Das Erfolgs-Mindset unserer westlichen Kultur
Wer Erfolg haben möchte, wird in unserer westlichen Kultur oft mit einem ganz klaren Ansatz konftrontiert:
Deine Gedanken bestimmen deine Gefühle.
Deine Gefühle beeinflussen dein Handeln.
Und dein Handeln bestimmt dein Schicksal.
Das klingt nach einem sehr logischen Ansatz, oder? Seit meiner Jugend hat mich dieser Ansatz sehr stark geprägt. Zudem habe ich viele gute Erfahrungen mit Affirmationen gemacht und bemerke immer einen großen Unterschied in meinem Verhalten, wenn mein Mindset positiv ausgerichtet ist. In diesen Momenten fühle ich mich sehr selbstbewusst und habe das Gefühl, alles schaffen zu können. Dennoch sind wir alle Menschen und erleben unweigerlich Phasen, in denen negative Gedanken und Emotionen unser positives Mindset ins Wanken bringen. Es ist verständlich, dass wir uns in solchen Zeiten wünschen, den Kreislauf der negativen Gedanken zu durchbrechen, um schnell wieder zu einem positiven Mindset zurückzufinden.

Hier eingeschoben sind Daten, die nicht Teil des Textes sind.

(* Let $d\ge1$ and let $P$ be a probability distribution on $\{0,1\}^d$ with $P(\nu)>0$ for all $\nu\in\{0,1\}^d$. Fix $\omega\in\{0,1\}^d$. Let $A_\omega$ be the $(2^d-1)\times d$ binary matrix with rows indexed by $\nu\in\{0,1\}^d\setminus\{\omega\}$ and entries $A_\omega(\nu,i):=1$ if $\nu_i\ne\omega_i$ and $0$ otherwise, and let $b_\omega$ be the vector indexed by $\nu\in\{0,1\}^d\setminus\{\omega\}$ with $b_\omega(\nu):=\ln(P(\nu)/P(\omega))$. Then, under the bijection $q\mapsto y$, $y_i=(1-2\omega_i)\ln\left(\frac{q_i}{1-q_i}\right)$, from $(0,1)^d$ onto $\mathbb{R}^d$, the set $\mathcal{Q}_\omega\cap(0,1)^d$ corresponds exactly to the set of $y\in\mathbb{R}^d$ satisfying the coordinatewise inequalities $A_\omega y\le b_\omega$.
   Context: For $\omega\in\{0,1\}^d$ and $q\in[0,1]^d$, $f_\omega(q):=\prod_{i=1}^d q_i^{-\omega_i}(1-q_i)^{\omega_i-1}\in\mathbb{R}\cup\{+\infty\}$ (with $0^0=1$, $1/0=+\infty$), and $\mathcal{Q}_\omega:=\{q\in[0,1]^d\mid \forall\nu\in\{0,1\}^d:\ P(\omega)f_\omega(q)\le P(\nu)f_\nu(q)\}$. *)

From HB Require Import structures.
From mathcomp Require Import all_boot all_order all_algebra.
From mathcomp Require Import all_classical all_reals all_analysis.
Set Implicit Arguments. Unset Strict Implicit. Unset Printing Implicit Defensive.
Import Order.TTheory GRing.Theory Num.Theory.
Local Open Scope ring_scope.
Local Open Scope classical_set_scope.

(* The cube {0,1}^d is {ffun 'I_d -> bool}; points q of [0,1]^d are functions 'I_d -> R. *)
Definition cube (d : nat) := {ffun 'I_d -> bool}.

Definition inv_ext (R : realType) (x : R) : \bar R :=
  if x == 0 then +oo%E else (x^-1)%:E.

(* f_omega(q) = prod_i q_i^{-omega_i} (1-q_i)^{omega_i - 1} with 0^0 = 1, 1/0 = +oo:
   the i-th factor is 1/q_i if omega_i = 1 and 1/(1-q_i) if omega_i = 0. *)
Definition f_om (R : realType) (d : nat) (om : cube d) (q : 'I_d -> R) : \bar R :=
  (\prod_(i < d) inv_ext (if om i then q i else 1 - q i)%R)%E.

Definition Qset (R : realType) (d : nat) (P : cube d -> R) (om : cube d)
  : set ('I_d -> R) :=
  [set q | (forall i, 0 <= q i <= 1) /\
           forall nu : cube d, ((P om)%:E * f_om om q <= (P nu)%:E * f_om nu q)%E].

Definition open_cube (R : realType) (d : nat) : set ('I_d -> R) :=
  [set q | forall i, 0 < q i < 1].

Definition ymap (R : realType) (d : nat) (om : cube d) (q : 'I_d -> R) : 'I_d -> R :=
  fun i => (1 - 2 * (om i)%:R) * ln (q i / (1 - q i)).

Definition Amat (R : realType) (d : nat) (om nu : cube d) (i : 'I_d) : R :=
  (nu i != om i)%:R.

Definition bvec (R : realType) (d : nat) (P : cube d -> R) (om nu : cube d) : R :=
  ln (P nu / P om).

(* On the open cube, f_omega(q) is the reciprocal of the Bernoulli likelihood
   L_omega(q) = prod_i q_i^omega_i (1 - q_i)^(1 - omega_i), so
   P(omega) f_omega(q) <= P(nu) f_nu(q) says L_nu(q) / L_omega(q) <= P(nu) / P(omega).
   The factors of L_nu / L_omega with nu_i = omega_i cancel, and each remaining
   one is exp y_i, because y_i is the logit of q_i signed by (-1)^omega_i; taking
   logarithms gives the row nu of A_omega y <= b_omega. The signed logit is
   inverted coordinatewise by the sigmoid, hence a bijection (0,1)^d -> R^d. *)

From HB Require Import structures.
From mathcomp Require Import all_boot all_order all_algebra.
From mathcomp Require Import all_classical all_reals all_analysis.
From mathcomp Require Import ring lra.
Set Implicit Arguments. Unset Strict Implicit. Unset Printing Implicit Defensive.
Import Order.TTheory GRing.Theory Num.Theory.
Local Open Scope ring_scope.
Local Open Scope classical_set_scope.

Section Logit.
Variable R : realType.

Definition logit (q : R) : R := ln (q / (1 - q)).

Definition expit (t : R) : R := expR t / (1 + expR t).

Lemma expit_in01 t : 0 < expit t < 1.
Proof.
have e0 := expR_gt0 t.
by rewrite divr_gt0 ?ltr_pdivrMr /=; lra.
Qed.

Lemma expitK : cancel expit logit.
Proof.
move=> t; rewrite /logit /expit; have e0 := expR_gt0 t.
have -> : expR t / (1 + expR t) / (1 - expR t / (1 + expR t)) = expR t.
  by field; apply/andP; split; apply/eqP; lra.
exact: expRK.
Qed.

Lemma logitK q : 0 < q < 1 -> expit (logit q) = q.
Proof.
move=> /andP[q0 q1]; rewrite /expit /logit lnK ?posrE ?divr_gt0 ?subr_gt0 //.
by field; apply/andP; split; apply/eqP; lra.
Qed.

End Logit.

Lemma sign_boolE (R : ringType) (b : bool) : 1 - 2 * b%:R = (-1) ^+ b :> R.
Proof. by case: b; rewrite ?mulr1 ?mulr0 ?subr0 // mulr2n opprD addNKr. Qed.

Lemma ler_pdiv_swap (R : numFieldType) (x y a b : R) :
  0 < x -> 0 < a -> 0 < b -> (x / a <= y / b) = (b / a <= y / x).
Proof.
move=> x0 a0 b0.
by rewrite !ler_pdivlMr // !(mulrAC _ _^-1) !ler_pdivrMr // mulrC.
Qed.

Section Cube.
Variables (R : realType) (d : nat).
Implicit Types (om nu w : cube d) (q y : 'I_d -> R).

Lemma ymapE om q i : ymap om q i = (-1) ^+ om i * logit (q i).
Proof. by rewrite /ymap sign_boolE. Qed.

Definition ymap_inv om y : 'I_d -> R := fun i => expit ((-1) ^+ om i * y i).

Lemma ymap_inv_open om y : open_cube (ymap_inv om y).
Proof. by move=> i; apply: expit_in01. Qed.

Lemma ymap_invK om y : ymap om (ymap_inv om y) = y.
Proof. by apply/funext => i; rewrite ymapE expitK signrMK. Qed.

Lemma ymapK om : {in @open_cube R d, cancel (ymap om) (ymap_inv om)}.
Proof.
move=> q /set_mem q01; apply/funext => i.
by rewrite /ymap_inv ymapE signrMK logitK.
Qed.

Lemma ymap_bij om : set_bij (@open_cube R d) setT (ymap om).
Proof.
split=> //; first exact: can_in_inj (ymapK om).
by move=> y _; exists (ymap_inv om y); [apply: ymap_inv_open | apply: ymap_invK].
Qed.

Definition bernoulli_prob (b : bool) (x : R) : R := if b then x else 1 - x.

Definition bernoulli_lik w q : R := \prod_(i < d) bernoulli_prob (w i) (q i).

Lemma bernoulli_prob_gt0 b (x : R) : 0 < x < 1 -> 0 < bernoulli_prob b x.
Proof. by case: b => /andP[x0 x1] /=; lra. Qed.

Lemma bernoulli_lik_gt0 w q : open_cube q -> 0 < bernoulli_lik w q.
Proof. by move=> q01; apply: prodr_gt0 => i _; apply: bernoulli_prob_gt0. Qed.

Lemma expR_logit_bernoulli (a b : bool) (x : R) : 0 < x < 1 ->
  expR ((a != b)%:R * ((-1) ^+ b * logit x)) =
    bernoulli_prob a x / bernoulli_prob b x.
Proof.
move=> x01; have /andP[x0 x1] := x01.
have lx : 0 < x / (1 - x) by rewrite divr_gt0 ?subr_gt0.
case: a; case: b => /=; rewrite ?mul0r ?expR0 ?mul1r ?mulN1r /logit.
- by rewrite divff ?lt0r_neq0.
- by rewrite lnK.
- by rewrite expRN lnK ?invf_div.
- by rewrite divff ?lt0r_neq0 ?subr_gt0.
Qed.

Lemma f_om_open w q : open_cube q -> f_om w q = ((bernoulli_lik w q)^-1)%:E.
Proof.
move=> q01; rewrite /f_om /bernoulli_lik -prodfV -prodEFin.
apply: eq_bigr => i _; rewrite /inv_ext.
by have /lt0r_neq0/negbTE-> := bernoulli_prob_gt0 (w i) (q01 i); case: (w i).
Qed.

Lemma expR_Amat_ymap om nu q : open_cube q ->
  expR (\sum_(i < d) @Amat R d om nu i * ymap om q i) =
    bernoulli_lik nu q / bernoulli_lik om q.
Proof.
move=> q01; rewrite expR_sum /bernoulli_lik -prodf_div.
by apply: eq_bigr => i _; rewrite ymapE expR_logit_bernoulli.
Qed.

Lemma f_om_le_AmatE (P : cube d -> R) om nu q :
  0 < P om -> 0 < P nu -> open_cube q ->
  ((P om)%:E * f_om om q <= (P nu)%:E * f_om nu q)%E =
    (\sum_(i < d) @Amat R d om nu i * ymap om q i <= bvec P om nu).
Proof.
move=> Pom Pnu q01.
rewrite !f_om_open // -!EFinM lee_fin /bvec -[in RHS]ler_expR lnK ?posrE ?divr_gt0 //.
by rewrite expR_Amat_ymap // ler_pdiv_swap ?bernoulli_lik_gt0.
Qed.

End Cube.

Theorem corollary2 (R : realType) (d : nat) (P : cube d -> R) (om : cube d) :
  (1 <= d)%N ->
  (forall nu : cube d, 0 < P nu) ->
  \sum_(nu : cube d) P nu = 1 ->
  set_bij (@open_cube R d) setT (ymap om) /\
  ymap om @` (Qset P om `&` @open_cube R d) =
    [set y : 'I_d -> R | forall nu : cube d, nu != om ->
                           \sum_(i < d) @Amat R d om nu i * y i <= bvec P om nu].
Proof.
move=> _ Ppos _; split; first exact: ymap_bij.
apply/seteqP; split.
- by move=> _ [q [[_ Qq] q01] <-] nu _; rewrite -f_om_le_AmatE //; apply: Qq.
- move=> y Ay; exists (ymap_inv om y); last exact: ymap_invK.
  have q01 := ymap_inv_open om y.
  split=> //; split=> [i|nu].
    by have /andP[q0 q1] := q01 i; rewrite !ltW.
  have [->//|nu_om] := eqVneq nu om.
  by rewrite f_om_le_AmatE ?ymap_invK //; apply: Ay.
Qed.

Was geschieht, wenn negative Gedanken das positive Mindset vorübergehend aus der Balance bringen?
Als ich einmal an einem Workshop teilnahm, fühlte ich mich mit jeder vergehenden Stunde schlechter. Meine Brust zog sich zusammen, meine Stirn bildete Falten, und ich war unruhig und aufgewühlt. Ich spürte, dass mich etwas getriggert hatte, konnte es aber nicht genau benennen. Während ich meine Gedanken beobachtete, stellte ich fest, dass ich in einem Strudel negativer Gedanken gefangen war, den ich unbedingt loswerden wollte.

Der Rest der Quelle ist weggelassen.